§ **Exercise**: Nothing in the entries may be altered; copy them all exactly.
- Opening Delimiter -
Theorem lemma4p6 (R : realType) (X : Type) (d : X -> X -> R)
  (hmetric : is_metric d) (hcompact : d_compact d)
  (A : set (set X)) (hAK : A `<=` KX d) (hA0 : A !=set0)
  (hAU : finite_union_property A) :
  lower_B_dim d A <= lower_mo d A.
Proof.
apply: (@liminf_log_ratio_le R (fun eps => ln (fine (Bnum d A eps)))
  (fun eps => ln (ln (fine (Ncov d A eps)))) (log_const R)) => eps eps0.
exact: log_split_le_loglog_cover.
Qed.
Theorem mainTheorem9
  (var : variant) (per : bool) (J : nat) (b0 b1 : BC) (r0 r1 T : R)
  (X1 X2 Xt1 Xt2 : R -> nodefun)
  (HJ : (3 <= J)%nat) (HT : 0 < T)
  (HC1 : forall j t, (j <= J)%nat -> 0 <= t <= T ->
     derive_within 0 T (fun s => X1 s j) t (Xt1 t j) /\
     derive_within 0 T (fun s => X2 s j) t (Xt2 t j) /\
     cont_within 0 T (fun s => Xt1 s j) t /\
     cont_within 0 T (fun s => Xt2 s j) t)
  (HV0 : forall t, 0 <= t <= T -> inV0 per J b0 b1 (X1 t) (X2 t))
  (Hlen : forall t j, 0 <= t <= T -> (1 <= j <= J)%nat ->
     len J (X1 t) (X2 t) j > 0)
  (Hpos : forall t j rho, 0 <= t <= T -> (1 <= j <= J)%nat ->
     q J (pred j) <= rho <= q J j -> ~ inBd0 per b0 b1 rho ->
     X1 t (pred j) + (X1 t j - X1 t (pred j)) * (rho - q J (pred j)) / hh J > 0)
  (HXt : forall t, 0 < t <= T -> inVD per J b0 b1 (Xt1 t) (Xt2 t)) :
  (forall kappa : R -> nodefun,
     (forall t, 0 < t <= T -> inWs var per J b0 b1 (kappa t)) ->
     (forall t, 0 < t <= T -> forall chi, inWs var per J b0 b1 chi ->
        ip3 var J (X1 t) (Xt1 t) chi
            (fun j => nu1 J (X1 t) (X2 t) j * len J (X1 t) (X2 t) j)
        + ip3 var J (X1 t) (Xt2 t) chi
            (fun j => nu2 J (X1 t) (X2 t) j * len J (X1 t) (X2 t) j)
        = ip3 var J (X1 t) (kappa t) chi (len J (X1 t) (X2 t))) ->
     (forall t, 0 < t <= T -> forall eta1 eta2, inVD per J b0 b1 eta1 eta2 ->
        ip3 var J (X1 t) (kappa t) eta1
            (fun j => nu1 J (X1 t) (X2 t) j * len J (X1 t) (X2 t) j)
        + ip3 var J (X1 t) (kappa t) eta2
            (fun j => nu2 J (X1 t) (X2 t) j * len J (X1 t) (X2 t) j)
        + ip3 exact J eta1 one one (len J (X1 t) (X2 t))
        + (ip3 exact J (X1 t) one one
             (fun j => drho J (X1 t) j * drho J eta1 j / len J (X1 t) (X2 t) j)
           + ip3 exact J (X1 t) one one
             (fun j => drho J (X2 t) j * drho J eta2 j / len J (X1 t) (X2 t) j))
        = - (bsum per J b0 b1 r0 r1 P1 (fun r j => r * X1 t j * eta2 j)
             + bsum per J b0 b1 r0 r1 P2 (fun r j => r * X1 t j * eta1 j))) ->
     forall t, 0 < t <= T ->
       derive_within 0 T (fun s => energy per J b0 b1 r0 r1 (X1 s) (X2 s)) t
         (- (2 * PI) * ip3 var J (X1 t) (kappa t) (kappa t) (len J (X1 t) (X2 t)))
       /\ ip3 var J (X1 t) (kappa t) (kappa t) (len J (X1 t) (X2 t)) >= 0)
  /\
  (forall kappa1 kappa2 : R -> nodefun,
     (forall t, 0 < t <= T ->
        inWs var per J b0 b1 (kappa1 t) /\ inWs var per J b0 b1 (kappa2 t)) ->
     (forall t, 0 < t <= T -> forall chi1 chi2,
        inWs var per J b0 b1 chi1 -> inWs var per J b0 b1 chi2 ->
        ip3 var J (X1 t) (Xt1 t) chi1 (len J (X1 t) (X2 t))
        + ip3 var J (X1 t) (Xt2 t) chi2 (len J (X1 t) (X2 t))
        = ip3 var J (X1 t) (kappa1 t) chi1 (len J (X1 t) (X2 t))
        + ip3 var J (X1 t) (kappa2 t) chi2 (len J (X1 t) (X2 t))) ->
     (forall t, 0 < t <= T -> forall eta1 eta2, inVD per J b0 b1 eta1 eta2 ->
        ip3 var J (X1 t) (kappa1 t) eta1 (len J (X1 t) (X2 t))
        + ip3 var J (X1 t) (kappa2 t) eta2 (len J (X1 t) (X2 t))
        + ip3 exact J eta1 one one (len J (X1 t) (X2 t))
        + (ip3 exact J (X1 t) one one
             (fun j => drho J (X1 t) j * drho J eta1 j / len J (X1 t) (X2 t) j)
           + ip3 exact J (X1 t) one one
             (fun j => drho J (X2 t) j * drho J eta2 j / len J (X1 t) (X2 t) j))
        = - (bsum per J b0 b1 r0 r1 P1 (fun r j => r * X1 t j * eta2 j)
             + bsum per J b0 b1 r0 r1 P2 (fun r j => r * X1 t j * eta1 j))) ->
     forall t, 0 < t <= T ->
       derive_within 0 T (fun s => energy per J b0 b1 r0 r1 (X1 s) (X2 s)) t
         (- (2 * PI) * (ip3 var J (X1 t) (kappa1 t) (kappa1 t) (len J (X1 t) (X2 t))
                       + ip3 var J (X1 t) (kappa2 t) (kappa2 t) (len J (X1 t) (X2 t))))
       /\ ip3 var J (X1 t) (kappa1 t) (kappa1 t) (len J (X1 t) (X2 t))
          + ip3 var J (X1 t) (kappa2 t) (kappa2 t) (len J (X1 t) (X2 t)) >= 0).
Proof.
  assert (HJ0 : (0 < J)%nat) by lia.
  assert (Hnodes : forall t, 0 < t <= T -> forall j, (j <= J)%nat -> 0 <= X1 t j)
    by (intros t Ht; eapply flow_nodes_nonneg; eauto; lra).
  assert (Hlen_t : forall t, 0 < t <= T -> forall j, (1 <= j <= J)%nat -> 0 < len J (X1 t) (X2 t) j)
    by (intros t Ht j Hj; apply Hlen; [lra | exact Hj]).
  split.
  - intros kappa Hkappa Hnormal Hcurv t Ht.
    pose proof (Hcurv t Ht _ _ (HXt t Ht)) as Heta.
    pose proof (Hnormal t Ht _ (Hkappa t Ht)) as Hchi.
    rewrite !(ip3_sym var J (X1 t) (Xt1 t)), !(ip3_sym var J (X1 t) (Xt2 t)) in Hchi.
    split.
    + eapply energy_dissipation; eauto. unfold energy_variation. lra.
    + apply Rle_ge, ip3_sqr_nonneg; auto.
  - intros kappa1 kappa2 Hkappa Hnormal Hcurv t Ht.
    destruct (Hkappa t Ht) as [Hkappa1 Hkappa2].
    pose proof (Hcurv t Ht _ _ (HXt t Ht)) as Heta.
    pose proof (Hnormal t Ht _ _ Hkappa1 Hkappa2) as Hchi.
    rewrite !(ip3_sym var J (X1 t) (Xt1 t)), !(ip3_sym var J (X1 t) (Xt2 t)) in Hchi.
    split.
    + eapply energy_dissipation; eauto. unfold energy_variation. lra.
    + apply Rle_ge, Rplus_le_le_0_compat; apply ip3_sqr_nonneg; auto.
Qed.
- Closing Delimiter -
§ **Answer box**:
Theorem lemma4p6 (R : realType) (X : Type) (d : X -> X -> R)
  (hmetric : is_metric d) (hcompact : d_compact d)
  (A : set (set X)) (hAK : A `<=` KX d) (hA0 : A !=set0)
  (hAU : finite_union_property A) :
  lower_B_dim d A <= lower_mo d A.
Proof.
apply: (@liminf_log_ratio_le R (fun eps => ln (fine (Bnum d A eps)))
  (fun eps => ln (ln (fine (Ncov d A eps)))) (log_const R)) => eps eps0.
exact: log_split_le_loglog_cover.
Qed.
Theorem mainTheorem9
  (var : variant) (per : bool) (J : nat) (b0 b1 : BC) (r0 r1 T : R)
  (X1 X2 Xt1 Xt2 : R -> nodefun)
  (HJ : (3 <= J)%nat) (HT : 0 < T)
  (HC1 : forall j t, (j <= J)%nat -> 0 <= t <= T ->
     derive_within 0 T (fun s => X1 s j) t (Xt1 t j) /\
     derive_within 0 T (fun s => X2 s j) t (Xt2 t j) /\
     cont_within 0 T (fun s => Xt1 s j) t /\
     cont_within 0 T (fun s => Xt2 s j) t)
  (HV0 : forall t, 0 <= t <= T -> inV0 per J b0 b1 (X1 t) (X2 t))
  (Hlen : forall t j, 0 <= t <= T -> (1 <= j <= J)%nat ->
     len J (X1 t) (X2 t) j > 0)
  (Hpos : forall t j rho, 0 <= t <= T -> (1 <= j <= J)%nat ->
     q J (pred j) <= rho <= q J j -> ~ inBd0 per b0 b1 rho ->
     X1 t (pred j) + (X1 t j - X1 t (pred j)) * (rho - q J (pred j)) / hh J > 0)
  (HXt : forall t, 0 < t <= T -> inVD per J b0 b1 (Xt1 t) (Xt2 t)) :
  (forall kappa : R -> nodefun,
     (forall t, 0 < t <= T -> inWs var per J b0 b1 (kappa t)) ->
     (forall t, 0 < t <= T -> forall chi, inWs var per J b0 b1 chi ->
        ip3 var J (X1 t) (Xt1 t) chi
            (fun j => nu1 J (X1 t) (X2 t) j * len J (X1 t) (X2 t) j)
        + ip3 var J (X1 t) (Xt2 t) chi
            (fun j => nu2 J (X1 t) (X2 t) j * len J (X1 t) (X2 t) j)
        = ip3 var J (X1 t) (kappa t) chi (len J (X1 t) (X2 t))) ->
     (forall t, 0 < t <= T -> forall eta1 eta2, inVD per J b0 b1 eta1 eta2 ->
        ip3 var J (X1 t) (kappa t) eta1
            (fun j => nu1 J (X1 t) (X2 t) j * len J (X1 t) (X2 t) j)
        + ip3 var J (X1 t) (kappa t) eta2
            (fun j => nu2 J (X1 t) (X2 t) j * len J (X1 t) (X2 t) j)
        + ip3 exact J eta1 one one (len J (X1 t) (X2 t))
        + (ip3 exact J (X1 t) one one
             (fun j => drho J (X1 t) j * drho J eta1 j / len J (X1 t) (X2 t) j)
           + ip3 exact J (X1 t) one one
             (fun j => drho J (X2 t) j * drho J eta2 j / len J (X1 t) (X2 t) j))
        = - (bsum per J b0 b1 r0 r1 P1 (fun r j => r * X1 t j * eta2 j)
             + bsum per J b0 b1 r0 r1 P2 (fun r j => r * X1 t j * eta1 j))) ->
     forall t, 0 < t <= T ->
       derive_within 0 T (fun s => energy per J b0 b1 r0 r1 (X1 s) (X2 s)) t
         (- (2 * PI) * ip3 var J (X1 t) (kappa t) (kappa t) (len J (X1 t) (X2 t)))
       /\ ip3 var J (X1 t) (kappa t) (kappa t) (len J (X1 t) (X2 t)) >= 0)
  /\
  (forall kappa1 kappa2 : R -> nodefun,
     (forall t, 0 < t <= T ->
        inWs var per J b0 b1 (kappa1 t) /\ inWs var per J b0 b1 (kappa2 t)) ->
     (forall t, 0 < t <= T -> forall chi1 chi2,
        inWs var per J b0 b1 chi1 -> inWs var per J b0 b1 chi2 ->
        ip3 var J (X1 t) (Xt1 t) chi1 (len J (X1 t) (X2 t))
        + ip3 var J (X1 t) (Xt2 t) chi2 (len J (X1 t) (X2 t))
        = ip3 var J (X1 t) (kappa1 t) chi1 (len J (X1 t) (X2 t))
        + ip3 var J (X1 t) (kappa2 t) chi2 (len J (X1 t) (X2 t))) ->
     (forall t, 0 < t <= T -> forall eta1 eta2, inVD per J b0 b1 eta1 eta2 ->
        ip3 var J (X1 t) (kappa1 t) eta1 (len J (X1 t) (X2 t))
        + ip3 var J (X1 t) (kappa2 t) eta2 (len J (X1 t) (X2 t))
        + ip3 exact J eta1 one one (len J (X1 t) (X2 t))
        + (ip3 exact J (X1 t) one one
             (fun j => drho J (X1 t) j * drho J eta1 j / len J (X1 t) (X2 t) j)
           + ip3 exact J (X1 t) one one
             (fun j => drho J (X2 t) j * drho J eta2 j / len J (X1 t) (X2 t) j))
        = - (bsum per J b0 b1 r0 r1 P1 (fun r j => r * X1 t j * eta2 j)
             + bsum per J b0 b1 r0 r1 P2 (fun r j => r * X1 t j * eta1 j))) ->
     forall t, 0 < t <= T ->
       derive_within 0 T (fun s => energy per J b0 b1 r0 r1 (X1 s) (X2 s)) t
         (- (2 * PI) * (ip3 var J (X1 t) (kappa1 t) (kappa1 t) (len J (X1 t) (X2 t))
                       + ip3 var J (X1 t) (kappa2 t) (kappa2 t) (len J (X1 t) (X2 t))))
       /\ ip3 var J (X1 t) (kappa1 t) (kappa1 t) (len J (X1 t) (X2 t))
          + ip3 var J (X1 t) (kappa2 t) (kappa2 t) (len J (X1 t) (X2 t)) >= 0).
Proof.
  assert (HJ0 : (0 < J)%nat) by lia.
  assert (Hnodes : forall t, 0 < t <= T -> forall j, (j <= J)%nat -> 0 <= X1 t j)
    by (intros t Ht; eapply flow_nodes_nonneg; eauto; lra).
  assert (Hlen_t : forall t, 0 < t <= T -> forall j, (1 <= j <= J)%nat -> 0 < len J (X1 t) (X2 t) j)
    by (intros t Ht j Hj; apply Hlen; [lra | exact Hj]).
  split.
  - intros kappa Hkappa Hnormal Hcurv t Ht.
    pose proof (Hcurv t Ht _ _ (HXt t Ht)) as Heta.
    pose proof (Hnormal t Ht _ (Hkappa t Ht)) as Hchi.
    rewrite !(ip3_sym var J (X1 t) (Xt1 t)), !(ip3_sym var J (X1 t) (Xt2 t)) in Hchi.
    split.
    + eapply energy_dissipation; eauto. unfold energy_variation. lra.
    + apply Rle_ge, ip3_sqr_nonneg; auto.
  - intros kappa1 kappa2 Hkappa Hnormal Hcurv t Ht.
    destruct (Hkappa t Ht) as [Hkappa1 Hkappa2].
    pose proof (Hcurv t Ht _ _ (HXt t Ht)) as Heta.
    pose proof (Hnormal t Ht _ _ Hkappa1 Hkappa2) as Hchi.
    rewrite !(ip3_sym var J (X1 t) (Xt1 t)), !(ip3_sym var J (X1 t) (Xt2 t)) in Hchi.
    split.
    + eapply energy_dissipation; eauto. unfold energy_variation. lra.
    + apply Rle_ge, Rplus_le_le_0_compat; apply ip3_sqr_nonneg; auto.
Qed.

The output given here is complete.